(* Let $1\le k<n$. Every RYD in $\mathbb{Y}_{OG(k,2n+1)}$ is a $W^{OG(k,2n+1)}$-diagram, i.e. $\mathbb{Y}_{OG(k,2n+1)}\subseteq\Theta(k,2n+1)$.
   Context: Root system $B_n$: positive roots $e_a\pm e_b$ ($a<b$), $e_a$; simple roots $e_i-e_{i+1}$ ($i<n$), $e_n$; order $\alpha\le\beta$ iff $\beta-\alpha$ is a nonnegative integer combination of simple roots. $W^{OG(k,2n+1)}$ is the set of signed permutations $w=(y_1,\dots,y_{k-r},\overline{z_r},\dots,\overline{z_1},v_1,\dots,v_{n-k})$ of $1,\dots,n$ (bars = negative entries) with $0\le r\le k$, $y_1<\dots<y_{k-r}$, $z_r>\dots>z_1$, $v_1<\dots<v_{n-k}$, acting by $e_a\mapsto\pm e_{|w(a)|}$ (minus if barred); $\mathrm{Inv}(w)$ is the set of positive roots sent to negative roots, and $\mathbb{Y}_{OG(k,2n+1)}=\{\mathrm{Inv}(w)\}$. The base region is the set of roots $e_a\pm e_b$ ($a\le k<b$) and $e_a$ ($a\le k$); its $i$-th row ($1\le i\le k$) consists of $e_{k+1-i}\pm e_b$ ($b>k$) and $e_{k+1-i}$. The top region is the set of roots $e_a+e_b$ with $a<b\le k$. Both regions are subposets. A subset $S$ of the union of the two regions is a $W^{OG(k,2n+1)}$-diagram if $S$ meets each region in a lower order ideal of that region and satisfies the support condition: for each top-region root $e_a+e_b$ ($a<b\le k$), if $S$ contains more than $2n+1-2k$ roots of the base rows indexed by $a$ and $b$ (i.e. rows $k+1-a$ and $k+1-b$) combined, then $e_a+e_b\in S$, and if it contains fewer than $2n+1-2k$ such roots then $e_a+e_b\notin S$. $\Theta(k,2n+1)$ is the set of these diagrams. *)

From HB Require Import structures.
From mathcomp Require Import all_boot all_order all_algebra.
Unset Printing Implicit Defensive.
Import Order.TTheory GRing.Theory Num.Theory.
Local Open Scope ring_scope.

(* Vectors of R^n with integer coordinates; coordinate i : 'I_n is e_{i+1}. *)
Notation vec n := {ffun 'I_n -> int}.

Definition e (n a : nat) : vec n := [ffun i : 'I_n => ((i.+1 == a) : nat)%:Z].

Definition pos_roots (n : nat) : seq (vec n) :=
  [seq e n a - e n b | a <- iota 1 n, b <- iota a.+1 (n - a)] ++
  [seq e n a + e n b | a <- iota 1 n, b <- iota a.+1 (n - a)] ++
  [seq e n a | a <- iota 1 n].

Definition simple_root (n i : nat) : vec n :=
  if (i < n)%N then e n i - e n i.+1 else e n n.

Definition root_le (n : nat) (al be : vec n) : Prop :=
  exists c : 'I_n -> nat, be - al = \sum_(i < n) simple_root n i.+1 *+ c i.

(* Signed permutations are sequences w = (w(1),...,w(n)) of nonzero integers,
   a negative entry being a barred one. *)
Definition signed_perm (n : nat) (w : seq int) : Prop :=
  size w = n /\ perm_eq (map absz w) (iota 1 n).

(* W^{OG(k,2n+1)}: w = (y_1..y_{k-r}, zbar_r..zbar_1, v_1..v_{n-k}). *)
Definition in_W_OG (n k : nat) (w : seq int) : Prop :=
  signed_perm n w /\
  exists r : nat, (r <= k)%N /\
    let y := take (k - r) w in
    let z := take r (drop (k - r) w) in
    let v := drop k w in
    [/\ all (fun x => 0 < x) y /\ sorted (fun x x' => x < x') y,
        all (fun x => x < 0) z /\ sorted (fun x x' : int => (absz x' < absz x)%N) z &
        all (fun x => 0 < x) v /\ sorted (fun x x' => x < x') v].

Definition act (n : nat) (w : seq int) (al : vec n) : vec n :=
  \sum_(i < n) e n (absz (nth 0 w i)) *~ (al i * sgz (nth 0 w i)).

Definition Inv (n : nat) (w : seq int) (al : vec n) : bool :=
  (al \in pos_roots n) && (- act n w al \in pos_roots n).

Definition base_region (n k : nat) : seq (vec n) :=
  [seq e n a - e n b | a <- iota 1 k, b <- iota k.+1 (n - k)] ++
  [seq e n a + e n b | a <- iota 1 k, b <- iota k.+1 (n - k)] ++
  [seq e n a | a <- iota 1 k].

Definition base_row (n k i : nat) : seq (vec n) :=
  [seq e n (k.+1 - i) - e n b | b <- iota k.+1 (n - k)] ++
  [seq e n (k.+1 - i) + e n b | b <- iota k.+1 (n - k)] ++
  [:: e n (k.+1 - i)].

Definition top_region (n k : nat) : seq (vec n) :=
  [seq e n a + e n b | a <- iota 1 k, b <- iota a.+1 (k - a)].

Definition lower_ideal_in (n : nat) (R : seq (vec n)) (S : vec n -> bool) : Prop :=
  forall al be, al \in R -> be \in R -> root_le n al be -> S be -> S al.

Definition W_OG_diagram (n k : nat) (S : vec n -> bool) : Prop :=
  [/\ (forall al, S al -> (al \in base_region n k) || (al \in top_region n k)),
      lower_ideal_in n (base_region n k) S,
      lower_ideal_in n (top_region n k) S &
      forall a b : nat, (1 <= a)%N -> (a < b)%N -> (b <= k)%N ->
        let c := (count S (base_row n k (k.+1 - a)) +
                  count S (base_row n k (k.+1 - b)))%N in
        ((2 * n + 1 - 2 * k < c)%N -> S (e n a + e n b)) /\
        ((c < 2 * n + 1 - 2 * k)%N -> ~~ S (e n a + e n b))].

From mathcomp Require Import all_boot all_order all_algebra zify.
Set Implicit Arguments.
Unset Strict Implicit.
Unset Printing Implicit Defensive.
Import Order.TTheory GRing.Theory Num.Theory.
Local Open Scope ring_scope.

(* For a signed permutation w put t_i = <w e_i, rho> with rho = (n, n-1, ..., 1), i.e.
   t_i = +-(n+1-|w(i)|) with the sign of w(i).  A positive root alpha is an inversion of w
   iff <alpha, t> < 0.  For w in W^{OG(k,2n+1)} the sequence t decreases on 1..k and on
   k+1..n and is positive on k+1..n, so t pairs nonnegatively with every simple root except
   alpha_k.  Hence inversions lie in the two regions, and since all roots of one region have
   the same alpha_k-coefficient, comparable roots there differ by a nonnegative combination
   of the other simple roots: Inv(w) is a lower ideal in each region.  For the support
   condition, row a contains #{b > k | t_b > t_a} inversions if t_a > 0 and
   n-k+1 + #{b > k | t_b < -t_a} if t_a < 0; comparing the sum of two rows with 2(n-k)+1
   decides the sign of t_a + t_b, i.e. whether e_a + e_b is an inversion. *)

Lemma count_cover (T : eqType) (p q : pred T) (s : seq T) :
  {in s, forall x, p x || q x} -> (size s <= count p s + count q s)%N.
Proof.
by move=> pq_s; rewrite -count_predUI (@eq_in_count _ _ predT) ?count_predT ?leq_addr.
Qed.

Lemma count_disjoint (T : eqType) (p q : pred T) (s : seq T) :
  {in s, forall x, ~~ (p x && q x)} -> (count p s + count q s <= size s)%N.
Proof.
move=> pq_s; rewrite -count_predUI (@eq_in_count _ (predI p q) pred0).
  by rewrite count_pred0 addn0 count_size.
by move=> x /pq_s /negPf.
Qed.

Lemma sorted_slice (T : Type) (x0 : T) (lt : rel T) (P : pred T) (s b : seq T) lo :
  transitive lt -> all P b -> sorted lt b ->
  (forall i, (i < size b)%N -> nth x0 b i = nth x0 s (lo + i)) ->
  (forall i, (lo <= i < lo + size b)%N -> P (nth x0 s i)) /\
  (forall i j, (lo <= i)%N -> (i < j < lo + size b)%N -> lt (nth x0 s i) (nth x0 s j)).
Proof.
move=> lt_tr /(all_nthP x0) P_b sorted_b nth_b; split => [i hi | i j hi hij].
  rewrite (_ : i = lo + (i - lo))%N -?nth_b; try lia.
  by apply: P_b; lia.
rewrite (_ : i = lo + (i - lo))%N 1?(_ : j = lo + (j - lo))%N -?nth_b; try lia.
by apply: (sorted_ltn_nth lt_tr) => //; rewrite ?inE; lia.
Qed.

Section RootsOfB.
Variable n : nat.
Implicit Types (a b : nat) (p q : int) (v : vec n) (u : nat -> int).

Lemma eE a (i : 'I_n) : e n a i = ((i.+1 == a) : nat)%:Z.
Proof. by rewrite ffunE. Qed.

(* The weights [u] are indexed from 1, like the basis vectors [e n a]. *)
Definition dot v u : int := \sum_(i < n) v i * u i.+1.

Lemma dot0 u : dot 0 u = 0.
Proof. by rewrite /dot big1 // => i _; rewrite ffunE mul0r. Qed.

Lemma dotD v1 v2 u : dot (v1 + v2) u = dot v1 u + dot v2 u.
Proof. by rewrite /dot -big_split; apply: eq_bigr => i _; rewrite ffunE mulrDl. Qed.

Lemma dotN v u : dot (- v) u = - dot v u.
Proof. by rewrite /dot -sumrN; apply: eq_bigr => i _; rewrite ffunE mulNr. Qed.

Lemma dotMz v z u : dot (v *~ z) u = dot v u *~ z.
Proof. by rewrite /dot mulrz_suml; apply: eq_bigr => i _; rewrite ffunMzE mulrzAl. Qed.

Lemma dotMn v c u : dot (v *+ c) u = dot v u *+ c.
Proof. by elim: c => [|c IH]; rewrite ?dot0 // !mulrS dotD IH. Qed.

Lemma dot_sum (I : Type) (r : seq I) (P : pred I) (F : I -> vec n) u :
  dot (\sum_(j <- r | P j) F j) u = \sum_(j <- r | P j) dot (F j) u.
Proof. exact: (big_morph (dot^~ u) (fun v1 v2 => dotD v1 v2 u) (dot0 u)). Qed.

---

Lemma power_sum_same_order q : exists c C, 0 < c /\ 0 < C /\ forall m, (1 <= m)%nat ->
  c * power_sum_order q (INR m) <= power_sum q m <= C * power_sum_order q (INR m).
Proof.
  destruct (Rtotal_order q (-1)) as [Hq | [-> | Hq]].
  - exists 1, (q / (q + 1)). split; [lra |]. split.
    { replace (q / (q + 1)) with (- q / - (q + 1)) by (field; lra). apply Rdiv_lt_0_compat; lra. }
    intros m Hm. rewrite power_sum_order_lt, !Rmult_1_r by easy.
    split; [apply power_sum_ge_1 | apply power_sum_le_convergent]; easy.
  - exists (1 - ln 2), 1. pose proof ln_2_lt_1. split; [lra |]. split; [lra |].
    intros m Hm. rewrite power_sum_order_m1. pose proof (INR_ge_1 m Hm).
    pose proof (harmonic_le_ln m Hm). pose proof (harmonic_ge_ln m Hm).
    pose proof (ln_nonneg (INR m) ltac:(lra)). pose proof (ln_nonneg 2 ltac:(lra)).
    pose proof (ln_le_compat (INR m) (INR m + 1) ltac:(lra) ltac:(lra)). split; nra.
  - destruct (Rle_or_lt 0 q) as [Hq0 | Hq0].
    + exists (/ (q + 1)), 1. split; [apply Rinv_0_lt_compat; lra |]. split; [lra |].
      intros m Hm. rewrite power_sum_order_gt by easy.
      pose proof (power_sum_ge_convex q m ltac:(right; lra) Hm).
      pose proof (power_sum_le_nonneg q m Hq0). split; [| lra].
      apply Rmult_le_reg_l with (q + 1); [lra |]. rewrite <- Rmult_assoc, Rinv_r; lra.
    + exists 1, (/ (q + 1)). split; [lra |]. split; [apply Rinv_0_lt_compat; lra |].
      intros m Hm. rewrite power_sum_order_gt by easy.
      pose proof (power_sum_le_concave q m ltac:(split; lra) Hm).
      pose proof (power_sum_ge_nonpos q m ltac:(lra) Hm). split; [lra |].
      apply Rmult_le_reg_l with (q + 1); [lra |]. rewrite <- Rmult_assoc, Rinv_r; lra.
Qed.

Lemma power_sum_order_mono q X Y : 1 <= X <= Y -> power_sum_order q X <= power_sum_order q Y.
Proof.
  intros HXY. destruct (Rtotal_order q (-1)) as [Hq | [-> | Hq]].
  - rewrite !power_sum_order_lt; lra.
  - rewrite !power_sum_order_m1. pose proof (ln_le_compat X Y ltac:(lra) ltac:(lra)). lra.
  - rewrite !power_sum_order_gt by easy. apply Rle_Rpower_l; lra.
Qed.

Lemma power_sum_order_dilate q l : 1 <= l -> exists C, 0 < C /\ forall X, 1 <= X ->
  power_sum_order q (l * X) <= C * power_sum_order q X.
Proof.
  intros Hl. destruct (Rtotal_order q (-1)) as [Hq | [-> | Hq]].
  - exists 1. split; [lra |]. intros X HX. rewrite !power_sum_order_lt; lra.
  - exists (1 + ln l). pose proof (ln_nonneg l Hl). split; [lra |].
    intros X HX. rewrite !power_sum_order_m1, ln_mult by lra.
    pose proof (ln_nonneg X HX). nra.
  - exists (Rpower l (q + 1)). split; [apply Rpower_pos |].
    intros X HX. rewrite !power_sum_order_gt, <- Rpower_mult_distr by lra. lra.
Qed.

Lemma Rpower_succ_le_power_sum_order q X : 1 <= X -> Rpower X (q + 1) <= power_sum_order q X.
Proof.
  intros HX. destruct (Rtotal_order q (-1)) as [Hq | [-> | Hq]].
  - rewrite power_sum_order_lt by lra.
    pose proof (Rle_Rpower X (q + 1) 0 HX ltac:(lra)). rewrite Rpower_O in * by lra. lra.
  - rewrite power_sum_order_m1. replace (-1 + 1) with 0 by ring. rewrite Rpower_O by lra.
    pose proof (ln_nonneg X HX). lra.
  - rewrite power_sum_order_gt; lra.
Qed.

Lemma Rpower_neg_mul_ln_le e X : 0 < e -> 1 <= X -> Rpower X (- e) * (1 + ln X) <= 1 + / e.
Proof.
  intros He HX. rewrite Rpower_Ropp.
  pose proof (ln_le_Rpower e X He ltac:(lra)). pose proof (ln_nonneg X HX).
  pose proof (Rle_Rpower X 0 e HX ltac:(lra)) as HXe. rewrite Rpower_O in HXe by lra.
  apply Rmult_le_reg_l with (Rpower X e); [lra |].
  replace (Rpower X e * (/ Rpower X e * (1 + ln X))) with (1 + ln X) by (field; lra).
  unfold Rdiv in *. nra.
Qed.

■ Action item:
Note how many lines in the data above have the string "dotD" in them, and give that number by itself.

■ Result of the task:
3